Histogram Analysis and Statistics

Washington D.C. Image Histograms and Statistics
For Washington D.C. I collected 7 histograms, one for each band of the image.

As we can see from these histograms, the data tends to trend in the area of being a low intensity image, meaning the image is darker or contains several dark areas. Although there are two histograms that are trending in the mid-tonal intensity range. In order to improve this and make the image more easy to analyze and distinguish different feature, would be to apply a contrast stretch. This stretches the image data along the x axis allowing for more even tones.

For the image statistics I chose to use scatter plot graphs.

From these scatter plats we can see that the areas where the blue line is more concentrated is in the lower intensity range. Again, if a contrast stretch is done then the image would not be as dark and features could be distinguished slightly better.

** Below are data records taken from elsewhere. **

Lemma prefixS n (x0 : 'I_n) (s : seq 'I_n) k :
  (k < size s)%N -> prefix s k.+1 = nth x0 s k |: prefix s k.
Proof.
move=> lt_k; rewrite /prefix (take_nth x0 lt_k) -cats1 set_seq_cat setUC.
by rewrite set_seq_cons set_seq0 setU0.
Qed.

Lemma move_eltE n (x0 : 'I_n) (s : seq 'I_n) i j :
  (j <= i)%N -> (i < size s)%N ->
  move_elt i j s = take j s ++ nth x0 s i :: drop j (take i s) ++ drop i.+1 s.
Proof.
move=> le_ji lt_i; have size_take_i : size (take i s) = i by rewrite size_takel // ltnW.
rewrite /move_elt (drop_nth x0 lt_i) /= take0.
by rewrite takel_cat ?size_take_i // take_takel // drop_catl ?size_take_i.
Qed.

Section SubmodularFacts.
Variables (R : realFieldType) (n : nat) (u : {set 'I_n} -> R).
Hypotheses (u_mono : monotone u) (u_sub : submodular u).

Implicit Types (e j : 'I_n) (S B : {set 'I_n}) (t : seq 'I_n).

Lemma marg_ge0 e S : 0 <= marg u e S.
Proof. by rewrite subr_ge0; apply/u_mono/subsetUr. Qed.

Lemma marg_in e S : e \in S -> marg u e S = 0.
Proof. by move=> eS; rewrite /marg (setUidPr _) ?subrr // sub1set. Qed.

Lemma marg_setU1_le e j S : marg u e (j |: S) <= marg u e S.
Proof.
have [ejS|ejS] := boolP (e \in j |: S); first by rewrite marg_in ?marg_ge0.
have [jS|jS] := boolP (j \in S); first by rewrite (setUidPr _) ?sub1set.
by apply: u_sub jS; apply: contra ejS; rewrite inE => ->; rewrite orbT.
Qed.

Lemma marg_setU_le e S B : marg u e (S :|: B) <= marg u e S.
Proof.
rewrite -(set_enum B); elim: (enum B) => [|j s IH].
  by rewrite set_seq0 setU0.
by rewrite set_seq_cons setUCA; apply: le_trans (marg_setU1_le _ _ _) IH.
Qed.

Lemma gain_le_sum_marg S t : u (S :|: [set x in t]) - u S <= \sum_(x <- t) marg u x S.
Proof.
elim: t => [|j t IH].
  by rewrite big_nil set_seq0 setU0 subrr.
rewrite big_cons set_seq_cons.
have := marg_setU_le j S [set x in t]; rewrite setUCA /marg in IH *; lra.
Qed.

Lemma le_sum_marg S t : u [set x in t] <= u S + \sum_(x <- t) marg u x S.
Proof. have := gain_le_sum_marg S t; have := u_mono (subsetUr S [set x in t]); lra. Qed.

End SubmodularFacts.

Section Objective.
Variables (R : realFieldType) (n : nat) (u : {set 'I_n} -> R) (c : 'I_n -> R).
Implicit Types (e : 'I_n) (A : {set 'I_n}) (s : seq 'I_n) (U : R).

Lemma cost_prefix x0 s k :
  uniq s -> (k <= size s)%N -> cost c (prefix s k) = \sum_(j < k) c (nth x0 s j).
Proof.
move=> us le_ks; rewrite /cost /prefix (eq_bigl (mem (take k s))) => [|x]; last by rewrite inE.
rewrite -big_uniq ?take_uniq // (big_nth x0) size_takel // big_mkord.
by apply: eq_bigr => j _; rewrite nth_take.
Qed.

Lemma mssc_obj_residual x0 s : is_perm_seq s ->
  mssc_obj u c s = \sum_(k < size s) c (nth x0 s k) * (u setT - u (prefix s k)).
Proof.
move=> hs; have full : prefix s (size s) = setT by rewrite prefix_full ?size_perm_seq.
have := abel_summation (fun j => c (nth x0 s j)) (fun k => u (prefix s k)) (size s).
rewrite /= full => <-.
by apply: eq_bigr => k _; rewrite (cost_prefix x0) ?perm_seq_uniq.
Qed.

Fixpoint resid_obj U A s : R :=
  if s is x :: s' then c x * (U - u A) + resid_obj U (x |: A) s' else 0.

Lemma resid_obj_cat U A s1 s2 :
  resid_obj U A (s1 ++ s2) = resid_obj U A s1 + resid_obj U (A :|: [set x in s1]) s2.
Proof.
elim: s1 A => [|x s1 IH] A /=; first by rewrite set_seq0 setU0 add0r.
by rewrite IH addrA set_seq_cons setUCA setUA.
Qed.

Lemma resid_obj_nth x0 U A s :
  resid_obj U A s = \sum_(k < size s) c (nth x0 s k) * (U - u (A :|: [set x in take k s])).
Proof.
elim: s A => [|x s IH] A /=; first by rewrite big_ord0.
rewrite big_ord_recl /= IH set_seq0 setU0; congr (_ + _); apply: eq_bigr => k _.
by rewrite set_seq_cons setUCA setUA.
Qed.

Lemma mssc_obj_resid_obj (x0 : 'I_n) s :
  is_perm_seq s -> mssc_obj u c s = resid_obj (u setT) set0 s.
Proof.
move=> hs; rewrite (mssc_obj_residual x0 hs) (resid_obj_nth x0).
by apply: eq_bigr => k _; rewrite set0U.
Qed.

Lemma resid_obj_setU1 x0 U A e s :
  resid_obj U A s - resid_obj U (e |: A) s =
  \sum_(k < size s) c (nth x0 s k) * marg u e (A :|: [set x in take k s]).
Proof.
rewrite !(resid_obj_nth x0) -sumrB; apply: eq_bigr => k _.
by rewrite /marg -setUA; ring.
Qed.

Lemma resid_obj_move_front U s1 s2 e s3 :
  resid_obj U set0 (s1 ++ s2 ++ e :: s3) <= resid_obj U set0 (s1 ++ e :: s2 ++ s3) ->
  resid_obj U [set x in s1] s2 - resid_obj U (e |: [set x in s1]) s2 <=
  c e * (u [set x in s1 ++ s2] - u [set x in s1]).
Proof. by rewrite !resid_obj_cat set0U /= !resid_obj_cat /= setUA set_seq_cat; lra. Qed.

End Objective.

Section LocalOptimum.
Variables (R : realFieldType) (n : nat) (u : {set 'I_n} -> R) (c : 'I_n -> R).
Variables (pi : seq 'I_n) (x0 : 'I_n).
Hypotheses (hpi : is_perm_seq pi) (hloc : local_opt u c pi).
Hypotheses (u_mono : monotone u) (c_ge0 : forall k, 0 <= c k).

Lemma local_opt_gain i j : (j <= i)%N -> (i < n)%N ->
  \sum_(j <= k < i) c (nth x0 pi k) * marg u (nth x0 pi i) (prefix pi k) <=
  c (nth x0 pi i) * (u (prefix pi i) - u (prefix pi j)).
Proof.
move=> le_ji lt_in; have lt_i : (i < size pi)%N by rewrite size_perm_seq.
set e := nth x0 pi i; set s2 := drop j (take i pi).
have s2E : s2 = take (i - j) (drop j pi) by rewrite take_drop subnK.
have perm_move : is_perm_seq (move_elt i j pi).
  rewrite /is_perm_seq (move_eltE x0) //; apply: perm_trans hpi.
  by rewrite [X in perm_eq _ X](split_at_nth x0 le_ji lt_i) perm_cat2l -cat1s perm_catCA.
have no_gain : mssc_obj u c pi <= mssc_obj u c (move_elt i j pi).
  rewrite leNgt; apply/negP.
  exact: (@hloc (Ordinal lt_in) (Ordinal (leq_ltn_trans le_ji lt_in))).
move: no_gain; rewrite (mssc_obj_resid_obj u c x0 hpi) (mssc_obj_resid_obj u c x0 perm_move).
rewrite (move_eltE x0) // {1}(split_at_nth x0 le_ji lt_i) => /resid_obj_move_front.
rewrite (resid_obj_setU1 u c x0) -/(prefix pi j) -/e -/s2.
have -> : [set x in take j pi ++ s2] = prefix pi i.
  by rewrite /s2 -{1}(take_takel pi le_ji) cat_take_drop.
apply: le_trans; rewrite -{1}(add0n j) big_addn big_mkord.
have size_s2 : size s2 = (i - j)%N by rewrite s2E size_takel // size_drop leq_sub2r // ltnW.
rewrite size_s2; apply: ler_sum => k _.
by rewrite s2E take_takel 1?ltnW // -prefix_addn nth_take // nth_drop [(j + k)%N]addnC.
Qed.

Lemma local_opt_charge i j : (j <= i)%N -> (i < n)%N ->
  \sum_(j <= k < i.+1) c (nth x0 pi k) * marg u (nth x0 pi i) (prefix pi k) <=
  c (nth x0 pi i) * (u setT - u (prefix pi j)).
Proof.
move=> le_ji lt_in; rewrite big_nat_recr //=.
have -> : marg u (nth x0 pi i) (prefix pi i) = u (prefix pi i.+1) - u (prefix pi i).
  by rewrite (prefixS x0) // size_perm_seq.
have := local_opt_gain le_ji lt_in.
have := ler_wpM2l (c_ge0 (nth x0 pi i)) (u_mono (subsetT (prefix pi i.+1))).
lra.
Qed.

End LocalOptimum.

Section Charging.
(* Position k of pi has cost ca k and residual ra k, position q of sigma has cost
   cb q and residual rb q, g k q is the marginal value of sigma_q on top of pi_<k,
   and pos q is the position of sigma_q in pi. *)
Variables (R : realFieldType) (N : nat) (ca cb ra rb : nat -> R).
Variables (g : nat -> nat -> R) (pos : nat -> nat).
Hypotheses (ca_ge0 : forall k, 0 <= ca k) (cb_ge0 : forall q, 0 <= cb q).
Hypotheses (rb_ge0 : forall q, 0 <= rb q) (ra_ge0 : forall k, 0 <= ra k).
Hypothesis rbN : rb N = 0.
Hypothesis ra_noninc : forall k k', (k <= k')%N -> ra k' <= ra k.
Hypothesis ra_cover :
  forall k L, (L <= N)%N -> ra k <= rb L + \sum_(0 <= q < L) g k q.
Hypothesis pos_lt : forall q, (pos q < N)%N.
Hypothesis g_after_pos : forall q k, (pos q < k)%N -> g k q = 0.
Hypothesis g_local : forall q j, (j <= pos q)%N ->
  \sum_(j <= k < (pos q).+1) ca k * g k q <= cb q * ra j.

Lemma exists_threshold k : exists L, 2 * rb L <= ra k.
Proof. by exists N; rewrite rbN mulr0. Qed.

Definition threshold k := ex_minn (exists_threshold k).

Lemma thresholdP k : 2 * rb (threshold k) <= ra k.
Proof. by rewrite /threshold; case: ex_minnP. Qed.

Lemma threshold_min k L : 2 * rb L <= ra k -> (threshold k <= L)%N.
Proof. by rewrite /threshold; case: ex_minnP => L0 _; apply. Qed.

Lemma threshold_leN k : (threshold k <= N)%N.
Proof. by apply: threshold_min; rewrite rbN mulr0. Qed.

Lemma threshold_mono : {homo threshold : k k' / (k <= k')%N}.
Proof.
move=> k k' le_kk'; apply: threshold_min.
exact: le_trans (thresholdP k') (ra_noninc le_kk').
Qed.

Lemma lt_threshold k q : (q < threshold k)%N -> ra k < 2 * rb q.
Proof.
by move=> lt_qk; rewrite ltNge; apply: contraTN lt_qk => /threshold_min; rewrite -leqNgt.
Qed.

Lemma ra_le_threshold_sum k : ra k <= 2 * \sum_(0 <= q < threshold k) g k q.
Proof. by have := ra_cover k (threshold_leN k); have := thresholdP k; lra. Qed.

Canmore, Alberta Image Histograms and Statistics

The histogram trends are similar to Washington, but in this case there is a lot more concentration at the low intensity area of the graph, meaning there is quite a lot of darkness in the image. In this case again, applying a contrast stretch would allow those low intensity areas to be stretched out over the x-axis and stretches the values along the full range of pixel values. This was the resulted image is less harsh and the values are not stretched too far where the image would not long be able to distinguish features.

I would chose a contrast stretch for both of these images, rather than a histogram equalization that only apply a linear scaling function to the pixel values, but provides a harsh image as a result.

Scatter Plots

Once again these scatter plats are showing, from the concentration of the blue line, that these are low level intensity images and again, a contrast stretch would help to distribute the pixel values along the x-axis.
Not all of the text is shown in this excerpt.